Problem requirements: Exactly reproduce the data from its first line through the line with "Variables (n : nat) (I : interp_system n).", leaving out every line after it.

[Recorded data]
__________________________________________________

(* Let $\mathcal{I}$ be an interpreted system, $\mathit{Prop}$ a set of atomic propositions, $S$ and $T$ indexical sets of agents in $\mathcal{I}$, and $\approx$ a synchronous epistemic bisimulation on $\mathcal{I}$ with respect to $\mathit{Prop}$ such that (a) $S\subseteq T$ is valid in $\mathcal{I}$, and (b) for every point $(r,m)$ of $\mathcal{I}$ there exists a point $(r',m)$ with $(r,m)\approx(r',m)$ and $S(r',m)=T(r,m)$. Then for every $p\in\mathit{Prop}$ and every agent $i$, the formula $B^S_i\,CB_S\,p\Leftrightarrow B^T_i\,CB_T\,p$ is valid in $\mathcal{I}$.
   Context: Agents $\mathrm{Agt}=\{1,\dots,n\}$. An interpreted system $\mathcal{I}=(\mathcal{R},\pi)$ consists of a set of runs (functions from times $\mathbb{N}$ to global states $(s_e,s_1,\dots,s_n)$) and an interpretation $\pi$ giving the atomic propositions true at each point $(r,m)$; $r_i(m)$ is agent $i$'s local state; $(r,m)\sim_i(r',m')$ iff $r_i(m)=r'_i(m')$; $K_i\phi$ holds at $(r,m)$ iff $\phi$ holds at all $(r',m')\sim_i(r,m)$. An indexical set $S$ assigns $S(r,m)\subseteq\mathrm{Agt}$ to each point; $i\in S$ holds at $(r,m)$ iff $i\in S(r,m)$; $S\subseteq T$ is valid if $S(r,m)\subseteq T(r,m)$ at every point. $B^S_i\phi:=K_i(i\in S\Rightarrow\phi)$; $E^B_S\phi:=\bigwedge_{i\in S}B^S_i\phi$ (over $i\in S(r,m)$ at the point of evaluation); $CB_S\phi:=\bigwedge_{k\ge1}(E^B_S)^k\phi$. A synchronous epistemic bisimulation on $\mathcal{I}$ with respect to $\mathit{Prop}$ is a relation $\approx$ on points such that whenever $(r,m)\approx(r',m')$: $m=m'$; for all $p\in\mathit{Prop}$, $p$ holds at $(r,m)$ iff it holds at $(r',m)$; and $(r,m)\sim_i(r',m)$ for every agent $i$. A formula is valid in $\mathcal{I}$ if it holds at every point. *)

From mathcomp Require Import all_boot.
Set Implicit Arguments. Unset Strict Implicit. Unset Printing Implicit Defensive.

Record interp_system (n : nat) := IS {
  Le : Type;
  L : 'I_n -> Type;
  Atom : Type;
  runs : (nat -> Le * (forall i : 'I_n, L i)) -> Prop;
  pi : (nat -> Le * (forall i : 'I_n, L i)) -> nat -> Atom -> Prop
}.

Section Semantics.
Variables (n : nat) (I : interp_system n).

Definition run := nat -> Le I * (forall i : 'I_n, L I i).

Definition local (i : 'I_n) (r : run) (m : nat) : L I i := (r m).2 i.

Definition indist (i : 'I_n) (r : run) (m : nat) (r' : run) (m' : nat) : Prop :=
  local i r m = local i r' m'.

Definition formula := run -> nat -> Prop.

Definition atom (p : Atom I) : formula := fun r m => @pi _ I r m p.

Definition K (i : 'I_n) (phi : formula) : formula :=
  fun r m => forall r' m', @runs _ I r' -> indist i r m r' m' -> phi r' m'.

Definition indexical := run -> nat -> 'I_n -> Prop.

Definition inS (S : indexical) (i : 'I_n) : formula := fun r m => S r m i.

Definition impl (phi psi : formula) : formula := fun r m => phi r m -> psi r m.
Definition iff_f (phi psi : formula) : formula := fun r m => phi r m <-> psi r m.

Definition B (S : indexical) (i : 'I_n) (phi : formula) : formula :=
  K i (impl (inS S i) phi).

Definition EB (S : indexical) (phi : formula) : formula :=
  fun r m => forall i, S r m i -> B S i phi r m.

Definition CB (S : indexical) (phi : formula) : formula :=
  fun r m => forall k, 1 <= k -> iter k (EB S) phi r m.

Definition valid (phi : formula) : Prop := forall r m, @runs _ I r -> phi r m.

Definition valid_subset (S T : indexical) : Prop :=
  forall r m, @runs _ I r -> forall i, S r m i -> T r m i.

Definition sync_epi_bisim (Props : Atom I -> Prop)
    (bis : run -> nat -> run -> nat -> Prop) : Prop :=
  forall r m r' m', @runs _ I r -> @runs _ I r' -> bis r m r' m' ->
    [/\ m = m',
        (forall p, Props p -> (@pi _ I r m p <-> @pi _ I r' m p)) &
        (forall i, indist i r m r' m)].

End Semantics.

(* Common belief for T implies common belief for S because S is pointwise
   smaller: every E^B_T-chain is in particular an E^B_S-chain.  Conversely,
   a T-chain starting at (r,m) is matched step by step by an S-chain through
   bisimilar points (r',m) with S(r',m) = T(r,m); bisimilar points look the
   same to every agent and agree on the atoms of Prop, so the S-beliefs at
   the copies are T-beliefs at the originals. *)
From mathcomp Require Import all_boot.

Section Antimonotonicity.
Context {n : nat} {I : interp_system n} {S T : indexical I}.
Hypothesis subST : valid_subset S T.

Lemma B_antimono {i} {phi psi : formula I} :
  valid (impl phi psi) -> valid (impl (B T i phi) (B S i psi)).
Proof.
move=> phi_psi r m _ Bphi r' m' r'R ind Si.
exact: phi_psi r' m' r'R (Bphi r' m' r'R ind (subST r' m' r'R i Si)).
Qed.

Lemma EB_antimono {phi psi : formula I} :
  valid (impl phi psi) -> valid (impl (EB T phi) (EB S psi)).
Proof.
move=> phi_psi r m rR EBphi i Si.
exact: B_antimono phi_psi r m rR (EBphi i (subST r m rR i Si)).
Qed.

Lemma iter_EB_antimono k {phi psi : formula I} :
  valid (impl phi psi) ->
  valid (impl (iter k (EB T) phi) (iter k (EB S) psi)).
Proof. by move=> phi_psi; elim: k => [|k IHk] //=; apply: EB_antimono. Qed.

Lemma CB_antimono {phi psi : formula I} :
  valid (impl phi psi) -> valid (impl (CB T phi) (CB S psi)).
Proof.
move=> phi_psi r m rR CBphi k k_gt0.
exact: iter_EB_antimono k phi psi phi_psi r m rR (CBphi k k_gt0).
Qed.

End Antimonotonicity.

Section BisimulationTransfer.
Context {n : nat} {I : interp_system n} {Props : Atom I -> Prop}.
Context {S T : indexical I} {bis : run I -> nat -> run I -> nat -> Prop}.
Hypothesis bisP : sync_epi_bisim Props bis.
Hypothesis bis_reindex : forall r m, @runs _ I r ->
  exists r', @runs _ I r' /\ bis r m r' m /\ (forall i, S r' m i <-> T r m i).

Definition bis_transfer (psi chi : formula I) : Prop :=
  forall r r' m, @runs _ I r -> @runs _ I r' -> bis r m r' m ->
    (forall i, S r' m i <-> T r m i) -> psi r' m -> chi r m.

Lemma atom_transfer {p} : Props p -> bis_transfer (atom p) (atom p).
Proof.
move=> Pp r r' m rR r'R rbis _.
by case: (bisP r m r' m rR r'R rbis) => _ /(_ p Pp) [_ r'_r] _.
Qed.

Lemma B_transfer {i} {psi chi : formula I} r r' m :
  bis_transfer psi chi -> indist i r m r' m ->
  B S i psi r' m -> B T i chi r m.
Proof.
move=> psi_chi rr' Bpsi y m' yR ry Ti.
have [y' [y'R [ybis Sy'Ty]]] := bis_reindex y m' yR.
have [_ _ yy'] := bisP y m' y' m' yR y'R ybis.
have ry' : indist i r' m y' m' by rewrite /indist -rr' ry (yy' i).
exact: psi_chi y y' m' yR y'R ybis Sy'Ty (Bpsi y' m' y'R ry' (proj2 (Sy'Ty i) Ti)).
Qed.

Lemma EB_transfer {psi chi : formula I} :
  bis_transfer psi chi -> bis_transfer (EB S psi) (EB T chi).
Proof.
move=> psi_chi r r' m rR r'R rbis Sr'Tr EBpsi i Ti.
have [_ _ rr'] := bisP r m r' m rR r'R rbis.
exact: B_transfer r r' m psi_chi (rr' i) (EBpsi i (proj2 (Sr'Tr i) Ti)).
Qed.

Lemma iter_EB_transfer k {psi chi : formula I} :
  bis_transfer psi chi ->
  bis_transfer (iter k (EB S) psi) (iter k (EB T) chi).
Proof. by move=> psi_chi; elim: k => [|k IHk] //=; apply: EB_transfer. Qed.

Lemma CB_transfer {psi chi : formula I} :
  bis_transfer psi chi -> bis_transfer (CB S psi) (CB T chi).
Proof.
move=> psi_chi r r' m rR r'R rbis Sr'Tr CBpsi k k_gt0.
exact: iter_EB_transfer k psi chi psi_chi r r' m rR r'R rbis Sr'Tr (CBpsi k k_gt0).
Qed.

End BisimulationTransfer.

Theorem proposition10 (n : nat) (I : interp_system n) (Props : Atom I -> Prop)
  (S T : indexical I) (bis : run I -> nat -> run I -> nat -> Prop) :
  sync_epi_bisim Props bis ->
  valid_subset S T ->
  (forall r m, @runs _ I r ->
     exists r', @runs _ I r' /\ bis r m r' m /\ (forall i, S r' m i <-> T r m i)) ->
  forall (p : Atom I) (i : 'I_n), Props p ->
    valid (iff_f (B S i (CB S (atom p))) (B T i (CB T (atom p)))).
Proof.
move=> bisP subST bis_reindex p i Pp r m rR; split=> Bp.
- have CB_atom := CB_transfer bisP bis_reindex (atom_transfer bisP Pp).
  exact: (B_transfer bisP bis_reindex r r m CB_atom erefl Bp).
- have CB_atom := CB_antimono subST (fun r m _ (CBp : atom p r m) => CBp).
  exact: (B_antimono subST CB_atom r m rR Bp).
Qed.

__________________________________________________

Written answer:
(* Let $\mathcal{I}$ be an interpreted system, $\mathit{Prop}$ a set of atomic propositions, $S$ and $T$ indexical sets of agents in $\mathcal{I}$, and $\approx$ a synchronous epistemic bisimulation on $\mathcal{I}$ with respect to $\mathit{Prop}$ such that (a) $S\subseteq T$ is valid in $\mathcal{I}$, and (b) for every point $(r,m)$ of $\mathcal{I}$ there exists a point $(r',m)$ with $(r,m)\approx(r',m)$ and $S(r',m)=T(r,m)$. Then for every $p\in\mathit{Prop}$ and every agent $i$, the formula $B^S_i\,CB_S\,p\Leftrightarrow B^T_i\,CB_T\,p$ is valid in $\mathcal{I}$.
   Context: Agents $\mathrm{Agt}=\{1,\dots,n\}$. An interpreted system $\mathcal{I}=(\mathcal{R},\pi)$ consists of a set of runs (functions from times $\mathbb{N}$ to global states $(s_e,s_1,\dots,s_n)$) and an interpretation $\pi$ giving the atomic propositions true at each point $(r,m)$; $r_i(m)$ is agent $i$'s local state; $(r,m)\sim_i(r',m')$ iff $r_i(m)=r'_i(m')$; $K_i\phi$ holds at $(r,m)$ iff $\phi$ holds at all $(r',m')\sim_i(r,m)$. An indexical set $S$ assigns $S(r,m)\subseteq\mathrm{Agt}$ to each point; $i\in S$ holds at $(r,m)$ iff $i\in S(r,m)$; $S\subseteq T$ is valid if $S(r,m)\subseteq T(r,m)$ at every point. $B^S_i\phi:=K_i(i\in S\Rightarrow\phi)$; $E^B_S\phi:=\bigwedge_{i\in S}B^S_i\phi$ (over $i\in S(r,m)$ at the point of evaluation); $CB_S\phi:=\bigwedge_{k\ge1}(E^B_S)^k\phi$. A synchronous epistemic bisimulation on $\mathcal{I}$ with respect to $\mathit{Prop}$ is a relation $\approx$ on points such that whenever $(r,m)\approx(r',m')$: $m=m'$; for all $p\in\mathit{Prop}$, $p$ holds at $(r,m)$ iff it holds at $(r',m)$; and $(r,m)\sim_i(r',m)$ for every agent $i$. A formula is valid in $\mathcal{I}$ if it holds at every point. *)

From mathcomp Require Import all_boot.
Set Implicit Arguments. Unset Strict Implicit. Unset Printing Implicit Defensive.

Record interp_system (n : nat) := IS {
  Le : Type;
  L : 'I_n -> Type;
  Atom : Type;
  runs : (nat -> Le * (forall i : 'I_n, L i)) -> Prop;
  pi : (nat -> Le * (forall i : 'I_n, L i)) -> nat -> Atom -> Prop
}.

Section Semantics.
Variables (n : nat) (I : interp_system n).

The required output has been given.